Ничто так не очищает душу, как ночное звездное небо. Я вдруг почувствовал то, что искал многие годы – я сделался счастливым. Назвать счастьем после этого все, что я знал и перечувствовал, было кощунством. Это был не восторг, не умиление, не покой… Не экстаз, не упоение… Это было не покаяние… Это была необыкновенная полнота жизни, как будто была тьма и вдруг включили свет, и ты увидел подлинный мир ясными глазами и мир был прекрасен. В нем не было страха, не было загадок, не было предчувствий и надежд, не было времени. В нем все вопросы получили ответ. Я стоял, как громом пораженный и блаженные слезы катились из моих глаз…
Свет выключился через три-четыре минуты так же неожиданно, как и включился, но глубокий обморок благодати еще долго был со мною.
Часа два я бродил бесцельно по лесным тропам и плакал в голос, размазывая слезы ладошками. Я просил Бога только об одном: чтоб Он не покидал меня. «Господи, хорошо мне с тобою!» Я любил и прощал всех. Я говорил с лесом, и он отвечал мне нежной молвью, я признавался в любви к звездам, и они улыбались мне в ответ. Этот мир был совсем не страшный, он был моим уютным домом, в который я вернулся из странствий. Надолго ли?
Заалела на востоке узкая полоска неба, вскрикнула спросонья какая-то пичуга, треснула ветка… Я очнулся.
Бог подарил мне часа два подлинной благодати. За что? Думаю, из милости. Но не только. Много раз в дальнейшем я спасался от отчаянья и депрессии, вспоминая эту волшебную ночь. В самую тяжкую минуту, в час испытаний и сомнений, я вспоминал, как был «восхищен на небо» и пятился от черной бездны со спасительной молитвой и надеждой.
Назавтра я узнал, что это была Пасхальная ночь.
Глава 37. Обращение
Я рассказал Герасимову о своих чудесных переживаниях, будучи уверен, что он оценит и зауважает меня, но Михаил задумался.
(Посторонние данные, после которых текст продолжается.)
(* Regime c <= 3/2: the certificates are -u (PI/3 - u/2) + c z_left u on [0, alpha] and
   (u - alpha) (PI - u) + c z_right u on [alpha, PI]. *)
Definition z_left : list Q :=
  [0; 14117 # 100000; 5379 # 50000; -50573 # 100000; 26443 # 100000; -723 # 20000].
Definition z_right : list Q :=
  [108273 # 20000; -610067 # 100000; 77139 # 100000; 117209 # 100000; -11907 # 25000;
   529 # 10000].
Definition small_left : list Q :=
  padd (pderiv z_left) (padd [-11006072 # 100000000]
                           (pmul [0; 10471666 # 10000000; -1 # 2] sin11)).
Definition small_left' : list Q := padd small_left (pscale (-3 # 2) (0%Q :: z_left)).
Definition small_right : list Q :=
  padd (pderiv z_right) (padd [-11006072 # 100000000]
     (pscale (-1) (pmul (pmul [-20943333 # 10000000; 1] [31416 # 10000; -1]) sin13))).
Definition small_right' : list Q := padd small_right (pscale (-3 # 2) (0%Q :: z_right)).
Close Scope Q_scope.

Lemma check_q_large : pos_check 12 (pscale (-1) q_large) 0 (31416 # 10000) = true.
Proof. vm_compute; reflexivity. Qed.
Lemma check_large_left : pos_check 12 large_left 0 (20945 # 10000) = true.
Proof. vm_compute; reflexivity. Qed.
Lemma check_large_right : pos_check 12 large_right (20943 # 10000) (31416 # 10000) = true.
Proof. vm_compute; reflexivity. Qed.
Lemma check_small_left : pos_check 12 small_left 0 (20945 # 10000) = true.
Proof. vm_compute; reflexivity. Qed.
Lemma check_small_left' : pos_check 12 small_left' 0 (20945 # 10000) = true.
Proof. vm_compute; reflexivity. Qed.
Lemma check_small_right : pos_check 12 small_right (20943 # 10000) (31416 # 10000) = true.
Proof. vm_compute; reflexivity. Qed.
Lemma check_small_right' : pos_check 12 small_right' (20943 # 10000) (31416 # 10000) = true.
Proof. vm_compute; reflexivity. Qed.
Lemma check_junction : pos_check 12 (padd z_right (pscale (-1) z_left))
                         (20943 # 10000) (20945 # 10000) = true.
Proof. vm_compute; reflexivity. Qed.
Lemma check_z_right_PI : pos_check 12 (pscale (-1) z_right) (31415 # 10000) (31416 # 10000) = true.
Proof. vm_compute; reflexivity. Qed.
Lemma check_sin11 : pos_check 12 (tl sin11) 0 (20945 # 10000) = true.
Proof. vm_compute; reflexivity. Qed.

Lemma sine_bounds u : 0 <= u <= PI ->
  0 <= sin u <= u /\ peval sin11 u <= sin u <= peval sin13 u.
Proof.
  intros Hu; pose proof PI_bounds; split; [split|].
  - apply sin_ge_0; lra.
  - destruct (proj1 Hu) as [Hpos|<-]; [apply Rlt_le, sin_lt_x, Hpos|rewrite sin_0; lra].
  - exact (sin_taylor_bounds 2 u ltac:(lra)).
Qed.

Lemma sin11_nonneg u : 0 <= u <= 2.0945 -> 0 <= peval sin11 u.
Proof.
  intros Hu; replace sin11 with (0%Q :: tl sin11) by (vm_compute; reflexivity).
  pose proof (pos_check_correct _ _ _ _ check_sin11 u ltac:(lra)); cbn [peval].
  rewrite RMicromega.Q2R_0; nra.
Qed.

Lemma alpha_bounds : 2.0943 < alpha < 2.0945.
Proof. pose proof PI_bounds; unfold alpha; lra. Qed.

Lemma z_large_nonpos u : 0 <= u <= PI -> peval z_large u <= 0.
Proof.
  intros Hu; pose proof PI_bounds.
  pose proof (pos_check_correct _ _ _ _ check_q_large u ltac:(lra)) as P.
  rewrite peval_scale in P; unfold z_large; cbn [peval].
  rewrite RMicromega.Q2R_0; nra.
Qed.

Lemma large_c_bound c : 3 / 2 <= c ->
  2 * Psi c PI - 3 * Psi c alpha <= 0.842 * PI / 3 * Phi c PI.
Proof.
  intros Hc; pose proof PI_bounds; pose proof alpha_bounds.
  assert (Hz : forall u, 0 <= u <= PI ->
            c * peval z_large u * sin u <= 3 / 2 * peval z_large u * peval sin11 u).
  { intros u Hu; pose proof (z_large_nonpos u Hu).
    destruct (sine_bounds u Hu) as [[S0 _] [S11 _]].
    assert (peval z_large u * sin u <= 0) by nra.
    assert (peval z_large u * (sin u - peval sin11 u) <= 0) by nra.
    nra. }
  apply (calibration c _ (peval z_large) (peval (pderiv z_large))
                         (peval z_large) (peval (pderiv z_large)));
    try (intros; apply is_derive_peval).
  - intros u Hu; specialize (Hz u ltac:(lra)).
    pose proof (pos_check_correct _ _ _ _ check_large_left u ltac:(lra)) as P.
    unfold large_left in P; expand_peval P.
    lra.
  - intros u Hu; specialize (Hz u ltac:(lra)).
    pose proof (pos_check_correct _ _ _ _ check_large_right u ltac:(lra)) as P.
    unfold large_right in P; expand_peval P.
    lra.
  - unfold z_large; cbn [peval]; rewrite RMicromega.Q2R_0; ring.
  - lra.
  - apply z_large_nonpos; lra.
Qed.

(* The differential inequalities
   reduce to c times a bracket in which c enters only through c z sin u; it is bounded
   according to the sign of z, using sin u <= u. *)
Lemma sign_split_bound c z s A B : 0 < c <= 3 / 2 -> 0 <= s <= B ->
  (z <= 0 -> 0 < A) -> (0 < z -> 0 < A - 3 / 2 * B * z) -> c * z * s < A.
Proof.
  intros Hc Hs HA HB; destruct (Rle_dec z 0) as [Z|Z].
  - specialize (HA Z); assert (z * s <= 0) by nra; nra.
  - apply Rnot_le_lt in Z; specialize (HB Z).
    assert (0 <= z * s <= z * B) by (split; nra); nra.
Qed.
– Будь осторожен. Такие симптомы бывают у эпилептиков. Ты в курсе, что такое прелесть?
Мишу вообще трудно было увлечь фантазиями. Его вера была строга. Даже внешне – худой, чисто выбритый, черноволосый, подтянутый, смуглый, в огромных черных очках – он походил больше на католика, чем на православного, которых мы привыкли представлять расхристанными и немножко шальными бородачами. Позже он признался мне, что одно время действительно подумывал о том, чтобы перейти в католичество, но успешно переболел. Понял, что соблазнился, скорее, эстетикой, чем духом католической Церкви.
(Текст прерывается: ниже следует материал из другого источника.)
(* Let $\mathbb{K}\in\{\mathbb{R},\mathbb{C}\}$, $\star\in\{*,T\}$, $\epsilon_1,\epsilon_2\in\{1,-1\}$, and let $Q(\lambda)=\lambda^2M+\lambda D+K\in\mathbb{K}^{n\times n}[\lambda]$ satisfy $M^\star=\epsilon_1M$, $D^\star=\epsilon_2D$, $K^\star=\epsilon_1K$. Let $(\lambda_0,x_0)$ be an eigenpair of $Q(\lambda)$ with $\lambda_0\neq\epsilon_1\epsilon_2\lambda_0^\star$, and let $\tilde x_0$ be an eigenvector of $Q(\lambda)$ for the eigenvalue $\epsilon_1\epsilon_2\lambda_0^\star$. Let $X_0=[x_0\ \tilde x_0]$, $\Lambda_0=\mathrm{diag}(\lambda_0,\epsilon_1\epsilon_2\lambda_0^\star)$, and $s_0:=2\epsilon_1\epsilon_2\lambda_0^\star x_0^\star M\tilde x_0+x_0^\star D\tilde x_0$. Then $(X_0,\Lambda_0)$ is an invariant pair of $Q(\lambda)$ and $X_0^\star MX_0\Lambda_0+\epsilon_1\epsilon_2\Lambda_0^\star X_0^\star MX_0+X_0^\star DX_0=\begin{bmatrix}0&s_0\\\epsilon_2s_0^\star&0\end{bmatrix}$.
   Context: For a matrix or vector $A$, $A^\star$ is $A^*$ (conjugate transpose) if $\star=*$ and $A^T$ if $\star=T$; for $\lambda\in\mathbb{C}$, $\lambda^\star=\overline{\lambda}$ if $\star=*$ and $\lambda^\star=\lambda$ if $\star=T$. An eigenpair $(\lambda_0,x_0)$ means $x_0\neq0$ and $(\lambda_0^2M+\lambda_0D+K)x_0=0$. A pair $(X,\Lambda)$ is an invariant pair of $Q(\lambda)$ if $MX\Lambda^2+DX\Lambda+KX=0$. *)

From HB Require Import structures.
From mathcomp Require Import all_boot all_order all_algebra.
From mathcomp Require Import reals.
From mathcomp Require Import complex.
Set Implicit Arguments. Unset Strict Implicit. Unset Printing Implicit Defensive.
Import Order.TTheory GRing.Theory Num.Theory.
Local Open Scope ring_scope.

(* K^star for a matrix, where [sc] is the scalar map lambda |-> lambda^star:
   sc = conjugation for star = *, sc = id for star = T. *)
Definition mstar (F : fieldType) (sc : F -> F) (m n : nat) (A : 'M[F]_(m, n))
  : 'M[F]_(n, m) := (map_mx sc A)^T.

Definition is_eigpair (F : fieldType) (n : nat) (M D K : 'M[F]_n)
  (l : F) (x : 'cV[F]_n) : Prop :=
  x != 0 /\ (l ^+ 2 *: M + l *: D + K) *m x = 0.

Definition invariant_pair (F : fieldType) (n k : nat) (M D K : 'M[F]_n)
  (X : 'M[F]_(n, k)) (L : 'M[F]_k) : Prop :=
  M *m X *m (L *m L) + D *m X *m L + K *m X = 0.

Definition mx2 (F : fieldType) (a b c d : F) : 'M[F]_2 :=
  \matrix_(i < 2, j < 2)
    if (i == 0%N :> nat) then (if (j == 0%N :> nat) then a else b)
    else (if (j == 0%N :> nat) then c else d).

Definition cor26 (F : fieldType) (sc : F -> F) : Prop :=
  forall (n : nat) (e1 e2 : F) (M D K : 'M[F]_n) (l0 : F) (x0 xt : 'cV[F]_n),
    (e1 = 1 \/ e1 = -1) -> (e2 = 1 \/ e2 = -1) ->
    mstar sc M = e1 *: M -> mstar sc D = e2 *: D -> mstar sc K = e1 *: K ->
    is_eigpair M D K l0 x0 ->
    l0 != e1 * e2 * sc l0 ->
    is_eigpair M D K (e1 * e2 * sc l0) xt ->
    let X0 : 'M[F]_(n, 2) := row_mx x0 xt in
    let L0 : 'M[F]_2 := mx2 l0 0 0 (e1 * e2 * sc l0) in
    let s0 : F := 2%:R * e1 * e2 * sc l0 * (mstar sc x0 *m M *m xt) 0 0
                  + (mstar sc x0 *m D *m xt) 0 0 in
    invariant_pair M D K X0 L0 /\
    mstar sc X0 *m M *m X0 *m L0 + (e1 * e2) *: (mstar sc L0 *m mstar sc X0 *m M *m X0)
      + mstar sc X0 *m D *m X0
    = mx2 0 s0 (e2 * sc s0) 0.

(* Write [eps = e1 e2].  Multiply [Q(l) x = 0] by [x^star] and apply the involution
   [sc] to the resulting scalar equation; by the symmetries of [M], [D], [K] the
   difference of the two equations is
   [(l - eps l^star) ((l + eps l^star) x^star M x + x^star D x) = 0], so the second
   factor vanishes when [l <> eps l^star].  For [X] with columns [x_j] and
   [L = diag(d_j)], the [(i, j)] entry of [X^star M X L + eps L^star X^star M X + X^star D X]
   is [(d_j + eps d_i^star) x_i^star M x_j + x_i^star D x_j]: the diagonal entries
   vanish by the above, the [(0, 1)] entry is [s0] by definition and the [(1, 0)]
   entry is [e2 s0^star] by applying [sc].  The three settings of the theorem are
   instances of an arbitrary involutive field automorphism [sc]. *)

From HB Require Import structures.
From mathcomp Require Import all_boot all_order all_algebra.
From mathcomp Require Import reals complex ring.
Set Implicit Arguments. Unset Strict Implicit. Unset Printing Implicit Defensive.
Import GRing.Theory Num.Theory.
Local Open Scope ring_scope.

Lemma col_mulmx (F : fieldType) m n p j (A : 'M[F]_(m, n)) (B : 'M[F]_(n, p)) :
  col j (A *m B) = A *m col j B.
Proof. by rewrite !colE mulmxA. Qed.

Lemma mx2_diag (F : fieldType) (a b : F) :
  mx2 a 0 0 b = diag_mx (\row_(j < 2) [:: a; b]`_j).
Proof. by apply/matrixP => -[[|[|i]] Hi] -[[|[|j]] Hj] //; rewrite !mxE. Qed.

Lemma invariant_pair_diag (F : fieldType) n k (M D K : 'M[F]_n)
    (X : 'M[F]_(n, k)) (d : 'rV[F]_k) :
  (forall j, (d 0 j ^+ 2 *: M + d 0 j *: D + K) *m col j X = 0) ->
  invariant_pair M D K X (diag_mx d).
Proof.
move=> Qcol; apply/matrixP => i j.
transitivity (((d 0 j ^+ 2 *: M + d 0 j *: D + K) *m col j X) i 0).
  rewrite !mulmxDl -!scalemxAl -!col_mulmx mulmxA !mul_mx_diag !mxE.
  by rewrite expr2; ring.
by rewrite Qcol !mxE.
Qed.

Section StructuredQuadratic.
Variables (F : fieldType) (sc : {rmorphism F -> F}).
Hypothesis scK : involutive sc.

Local Notation star := (mstar sc).
Definition sform n (u : 'cV[F]_n) (A : 'M[F]_n) (v : 'cV[F]_n) : F :=
  (star u *m A *m v) 0 0.

Lemma mstarM m n p (A : 'M[F]_(m, n)) (B : 'M[F]_(n, p)) : star (A *m B) = star B *m star A.
Proof. by rewrite /mstar map_mxM trmx_mul. Qed.

Lemma mstarK m n (A : 'M[F]_(m, n)) : star (star A) = A.
Proof. by apply/matrixP => i j; rewrite !mxE scK. Qed.

Lemma mstar_diag_mx n (d : 'rV[F]_n) : star (diag_mx d) = diag_mx (map_mx sc d).
Proof. by rewrite /mstar map_diag_mx tr_diag_mx. Qed.

Lemma rmorph_sign (e : F) : e = 1 \/ e = -1 -> sc e = e.
Proof. by case=> ->; rewrite ?rmorph1 ?rmorphN1. Qed.

Lemma sign_scK e1 e2 l : e1 = 1 \/ e1 = -1 -> e2 = 1 \/ e2 = -1 ->
  e1 * e2 * sc (e1 * e2 * sc l) = l.
Proof.
move=> e1_sign e2_sign; rewrite !rmorphM scK !rmorph_sign //.
by case: e1_sign => ->; case: e2_sign => ->; ring.
Qed.

Lemma sformJ n (u v : 'cV[F]_n) (A : 'M[F]_n) : sc (sform u A v) = sform v (star A) u.
Proof.
rewrite /sform; have -> : sc ((star u *m A *m v) 0 0) = (star (star u *m A *m v)) 0 0.
  by rewrite !mxE.
by rewrite !mstarM mstarK mulmxA.
Qed.

Lemma sformZ n (u v : 'cV[F]_n) (A : 'M[F]_n) c : sform u (c *: A) v = c * sform u A v.
Proof. by rewrite /sform -scalemxAr -scalemxAl mxE. Qed.

Lemma gram_mxE n k (X : 'M[F]_(n, k)) (A : 'M[F]_n) i j :
  (star X *m A *m X) i j = sform (col i X) A (col j X).
Proof.
rewrite /sform; have -> : star (col i X) = row i (star X).
  by rewrite /mstar map_col tr_col.
by rewrite -!row_mul -col_mulmx !mxE.
Qed.

Section StructuredPencil.
Variables (n : nat) (e1 e2 : F) (M D K : 'M[F]_n).

Lemma gram_diag_mxE k (X : 'M[F]_(n, k)) (d : 'rV[F]_k) i j :
  (star X *m M *m X *m diag_mx d + (e1 * e2) *: (star (diag_mx d) *m star X *m M *m X)
     + star X *m D *m X) i j
  = (d 0 j + e1 * e2 * sc (d 0 i)) * sform (col i X) M (col j X)
    + sform (col i X) D (col j X).
Proof.
have -> : star (diag_mx d) *m star X *m M *m X = star (diag_mx d) *m (star X *m M *m X).
  by rewrite !mulmxA.
rewrite mstar_diag_mx mul_diag_mx mul_mx_diag -!gram_mxE.
by move: (star X *m M *m X) (star X *m D *m X) => GM GD; rewrite !mxE; ring.
Qed.

Hypotheses (e1_sign : e1 = 1 \/ e1 = -1) (e2_sign : e2 = 1 \/ e2 = -1).
Hypotheses (M_sym : star M = e1 *: M) (D_sym : star D = e2 *: D) (K_sym : star K = e1 *: K).

Lemma eigvec_sform l (x : 'cV[F]_n) :
  (l ^+ 2 *: M + l *: D + K) *m x = 0 -> l != e1 * e2 * sc l ->
  (l + e1 * e2 * sc l) * sform x M x + sform x D x = 0.
Proof.
move=> Qx l_neq.
have Qform : l ^+ 2 * sform x M x + l * sform x D x + sform x K x = 0.
  transitivity ((star x *m ((l ^+ 2 *: M + l *: D + K) *m x)) 0 0).
    by rewrite /sform mulmxA !mulmxDr !mulmxDl -!scalemxAr -!scalemxAl !mxE.
  by rewrite Qx mulmx0 mxE.
have Qform_sc := congr1 sc Qform.
rewrite rmorph0 !rmorphD !rmorphM !sformJ M_sym D_sym K_sym !sformZ in Qform_sc.
set a := sform x M x in Qform Qform_sc *; set g := sform x D x in Qform Qform_sc *.
set c := sform x K x in Qform Qform_sc; set s := sc l in Qform_sc l_neq *.
have : (l - e1 * e2 * s) * ((l + e1 * e2 * s) * a + g) =
       (l ^+ 2 * a + l * g + c) - e1 * (s * s * (e1 * a) + s * (e2 * g) + e1 * c).
  by case: e1_sign => ->; case: e2_sign => ->; ring.
rewrite Qform Qform_sc mulr0 subrr => /eqP.
by rewrite mulf_eq0 subr_eq0 (negbTE l_neq) => /eqP.
Qed.

End StructuredPencil.

Lemma cor26_structured : cor26 sc.
Proof.
move=> n e1 e2 M D K l0 x0 xt e1_sign e2_sign M_sym D_sym K_sym.
move=> [_ Qx0] l0_neq [_ Qxt] X0 L0 s0.
have s0E : s0 = 2%:R * e1 * e2 * sc l0 * sform x0 M xt + sform x0 D xt by [].
have l0_back := sign_scK l0 e1_sign e2_sign.
have form_x0 := eigvec_sform e1_sign e2_sign M_sym D_sym K_sym Qx0 l0_neq.
have := eigvec_sform e1_sign e2_sign M_sym D_sym K_sym Qxt.
rewrite l0_back eq_sym => /(_ l0_neq) form_xt.
rewrite /L0 mx2_diag; split.
  apply: invariant_pair_diag => j.
  by case: (@split_ordP 1 1 j) => k ->;
    rewrite (ord1 k) /X0 ?(colKl (n1:=1)) ?(colKr (n1:=1)) col_id !mxE.
apply/matrixP => i j; rewrite gram_diag_mxE.
case: (@split_ordP 1 1 i) => i1 ->; case: (@split_ordP 1 1 j) => j1 ->.
all: rewrite (ord1 i1) (ord1 j1) /X0 ?(colKl (n1:=1)) ?(colKr (n1:=1)) !col_id !mxE /=.
- exact: form_x0.
- by rewrite s0E; ring.
- rewrite l0_back s0E rmorphD !rmorphM rmorph_nat scK !sformJ M_sym D_sym !sformZ.
  rewrite (rmorph_sign e1_sign) (rmorph_sign e2_sign).
  by case: e1_sign => ->; case: e2_sign => ->; ring.
- by rewrite l0_back.
Qed.

End StructuredQuadratic.

Theorem corollary2p6 (R : realType) :
  cor26 (fun x : R => x) /\
  cor26 (fun x : R[i] => conjc x) /\
  cor26 (fun x : R[i] => x).
Proof.
split; [|split].
- exact: (@cor26_structured R idfun (fun _ => erefl)).
- exact: (@cor26_structured R[i] conjc (@conjcK R)).
- exact: (@cor26_structured R[i] idfun (fun _ => erefl)).
Qed.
Миша обращался в сферах, которые для меня были закрыты. Однажды он дал мне почитать Набокова – рассказы, «Лолиту» – отпечатанные на машинке, и я впервые столкнулся с настоящим, не тронутым грязными пролетарскими лапами, «заморским» русским языком. Лолита перетряхнула все мои представления о литературе. Я прочитал ее за сутки и пережил бурные чувства в четкой последовательности – восхищение, благоговение, уныние, отвращение, ненависть. Гумберт вызывал у меня только одно желание – дать ему по яйцам ботинком, а потом в зубы коленом. Я не постеснялся, возвращая пухлый том в кожаном синем переплете, сказать об этом Герасимову, который расхохотался.
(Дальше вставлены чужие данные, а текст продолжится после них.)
Definition gamma_p (P : probability T R) X S (p : 'I_m -> R) : R :=
  limn ((fun n : nat => m%:R * fine ('E_P[Lp X S p n]) /
                        (n%:R * (1 + \sum_(j < m | (0 < val j)%N) p j))) : R^nat).

(* r j k = r^{(j+1)}_k ; component j = 0 is ignored *)
Definition valid_r (n d : nat) (r : 'I_m -> nat -> nat) :=
  forall j : 'I_m, (0 < val j)%N ->
    [/\ r j 0%N = 0%N, r j d = n & forall k, (k < d)%N -> (r j k <= r j k.+1)%N].

(* summand k here is the (k+1)-th summand of the paper *)
Definition Lr (X : 'I_m -> nat -> T -> R) S (v d : nat) (r : 'I_m -> nat -> nat)
  (w : T) : R :=
  \sum_(k < d) optscore S (fun j => if val j == 0%N then word X j (v * k) (v * k.+1) w
                                    else word X j (r j k) (r j k.+1) w).

Definition in_Rbar (n v d : nat) (eps : R) (p1 p2 : 'I_m -> R) (r : 'I_m -> nat -> nat) :=
  valid_r n d r /\
  (count (fun k => [forall j : 'I_m, (0 < val j)%N ==>
           ((v%:R * p1 j <= (r j k.+1)%:R - (r j k)%:R) &&
            ((r j k.+1)%:R - (r j k)%:R <= v%:R * p2 j))]) (iota 0 d))%:R
    < (1 - eps) * d%:R.

End Defs.

From HB Require Import structures.
From mathcomp Require Import all_boot all_order all_algebra all_fingroup.
From mathcomp Require Import all_classical all_reals all_analysis.
From mathcomp Require Import ring lra.
Set Implicit Arguments. Unset Strict Implicit. Unset Printing Implicit Defensive.
Import Order.TTheory GRing.Theory Num.Theory.
Import numFieldNormedType.Exports.
Local Open Scope classical_set_scope.
Local Open Scope ring_scope.

(* The expected optimal score [mean_score c] of independent words of lengths
   [c : 'I_m -> nat] depends only on [c] because the letters are i.i.d., is
   invariant under permutations of [c] because [S] is symmetric, and is
   superadditive because optimal alignments of consecutive blocks concatenate.
   Summing superadditivity over the [m] cyclic rotations of [c] and using
   Fekete's lemma gives [m * mean_score c <= gamma* (c_1 + ... + c_m)]; if some
   ratio [c_j / c_1] leaves [[p1_j, p2_j]], the same holds with [gamma*]
   replaced by [gamma*(c_2/c_1, ..., c_m/c_1) <= delta].  In [L(r)] more than
   [eps d] blocks are of the second kind and each has total length at least
   [v], so [m E L(r) <= gamma* m n - (gamma* - delta) eps n], while
   [E L_n >= (gamma* - xi) n] for any [xi > 0] once [n] is large. *)

Section OptimalScore.
Variables (R : realType) (m : nat) (A : seq R) (S : ('I_m -> R) -> R).

Definition words_over (w : 'I_m -> seq R) := forall j, all (fun x => x \in A) (w j).

Lemma words_over_cat (w1 w2 : 'I_m -> seq R) :
  words_over w1 -> words_over w2 -> words_over (fun j => w1 j ++ w2 j).
Proof. by move=> h1 h2 j; rewrite all_cat h1 h2. Qed.

Lemma alignment_nil (w : 'I_m -> seq R) : is_alignment w 0 (fun _ => [::]).
Proof. by []. Qed.

Lemma alignment_size_le (w : 'I_m -> seq R) k pi j :
  is_alignment w k pi -> (k <= size (w j))%N.
Proof.
case/(_ j) => <- so al; rewrite -(size_iota 0 (size (w j))).
apply: uniq_leq_size; first exact: (sorted_uniq ltn_trans ltnn so).
by move=> x /(allP al) xw; rewrite mem_iota.
Qed.

Lemma alignment_column_inA (w : 'I_m -> seq R) k pi i :
  words_over w -> is_alignment w k pi -> (i < k)%N ->
  inA A (fun j => nth 0 (w j) (nth 0%N (pi j) i)).
Proof.
move=> wA H ik j; case: (H j) => sz _ al.
by apply: (allP (wA j)); apply: mem_nth; apply: (allP al); apply: mem_nth; rewrite sz.
Qed.

Lemma sorted_cat_shift (s1 s2 : seq nat) c : sorted ltn s1 -> sorted ltn s2 ->
  all (fun i => (i < c)%N) s1 -> sorted ltn (s1 ++ map (addn c) s2).
Proof.
move=> so1 so2 al1; rewrite sorted_pairwise; last exact: ltn_trans.
rewrite pairwise_cat pairwise_map; apply/and3P; split.
- apply/allrelP => x y xs1 /mapP [z _ ->].
  exact: leq_trans (allP al1 x xs1) (leq_addr _ _).
- by rewrite -sorted_pairwise //; exact: ltn_trans.
- move: so2; rewrite sorted_pairwise; last exact: ltn_trans.
  by apply: sub_pairwise => a b /=; rewrite ltn_add2l.
Qed.

Lemma alignment_cat (w1 w2 : 'I_m -> seq R) k1 pi1 k2 pi2 :
  is_alignment w1 k1 pi1 -> is_alignment w2 k2 pi2 ->
  is_alignment (fun j => w1 j ++ w2 j) (k1 + k2)
    (fun j => pi1 j ++ map (addn (size (w1 j))) (pi2 j)).
Proof.
move=> H1 H2 j; case: (H1 j) => s1 so1 al1; case: (H2 j) => s2 so2 al2; split.
- by rewrite size_cat size_map s1 s2.
- exact: sorted_cat_shift.
- rewrite all_cat size_cat; apply/andP; split.
    by apply/allP => x /(allP al1) xs; rewrite ltn_addr.
  by apply/allP => x /mapP [z /(allP al2) zs ->]; rewrite ltn_add2l.
Qed.

Lemma score_cat (w1 w2 : 'I_m -> seq R) k1 pi1 k2 pi2 :
  is_alignment w1 k1 pi1 -> is_alignment w2 k2 pi2 ->
  score S (fun j => w1 j ++ w2 j) (k1 + k2)
    (fun j => pi1 j ++ map (addn (size (w1 j))) (pi2 j)) =
  score S w1 k1 pi1 + score S w2 k2 pi2.
Proof.
move=> H1 H2; rewrite /score big_split_ord /=.
congr (_ + _); apply: eq_bigr => i _; congr S; apply: funext => j;
  case: (H1 j) => s1 _ al1; case: (H2 j) => s2 _ _.
  have hx : (nth 0%N (pi1 j) i < size (w1 j))%N.
    by apply: (allP al1); apply: mem_nth; rewrite s1.
  by rewrite [nth 0%N _ _]nth_cat s1 ltn_ord nth_cat hx.
rewrite [nth 0%N _ _]nth_cat s1 /= ltnNge leq_addr /= addKn (nth_map 0%N) ?s2 //.
by rewrite nth_cat ltnNge leq_addr /= addKn.
Qed.

Lemma optscore_le (w : 'I_m -> seq R) y :
  (forall k pi, is_alignment w k pi -> score S w k pi <= y) -> optscore S w <= y.
Proof.
move=> H; apply: ge_sup => [|x [k [pi [Hk ->]]]]; last exact: H.
by exists 0, 0%N, (fun _ => [::]); rewrite /score big_ord0.
Qed.

Section BoundedScore.
Variable M : R.
Hypotheses (m_gt0 : (0 < m)%N) (M_ge0 : 0 <= M).
Hypothesis S_le : forall x, inA A x -> S x <= M.

Lemma score_le_size (w : 'I_m -> seq R) k pi j :
  words_over w -> is_alignment w k pi -> score S w k pi <= (size (w j))%:R * M.
Proof.
move=> wA H; apply: (@le_trans _ _ (\sum_(i < k) M)).
  by apply: ler_sum => i _; apply: S_le; exact: alignment_column_inA wA H (ltn_ord i).
by rewrite sumr_const card_ord -[M *+ k]mulr_natl ler_wpM2r // ler_nat (alignment_size_le j H).
Qed.

Lemma score_le_optscore (w : 'I_m -> seq R) k pi :
  words_over w -> is_alignment w k pi -> score S w k pi <= optscore S w.
Proof.
move=> wA H; apply: sup_upper_bound; last by exists k, pi.
split; first by exists (score S w k pi), k, pi.
exists ((size (w (Ordinal m_gt0)))%:R * M) => x [k' [pi' [H' ->]]].
exact: score_le_size wA H'.
Qed.

Lemma optscore_ge0 (w : 'I_m -> seq R) : words_over w -> 0 <= optscore S w.
Proof.
by move=> wA; have := score_le_optscore wA (alignment_nil w); rewrite /score big_ord0.
Qed.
– Он редко вызывает сочувствие.
– Мне вообще показалось, что Набоков однажды был смертельно оскорблен и мстил всем всю жизнь. Злой он.
– Может быть, – задумчиво сказал Герасимов, – но стилист непревзойденный.
Потом он познакомил меня с трудами некоторых зарубежных религиозных мыслителей и, наконец, вручил папку с машинописными листами.
– Вот, держи. Это курс лекций по богословию Осипова Алексея Ильича, профессора Духовной Академии в Москве. Известный в своих кругах человек. Умница. Мне дали на время, я уже прочел.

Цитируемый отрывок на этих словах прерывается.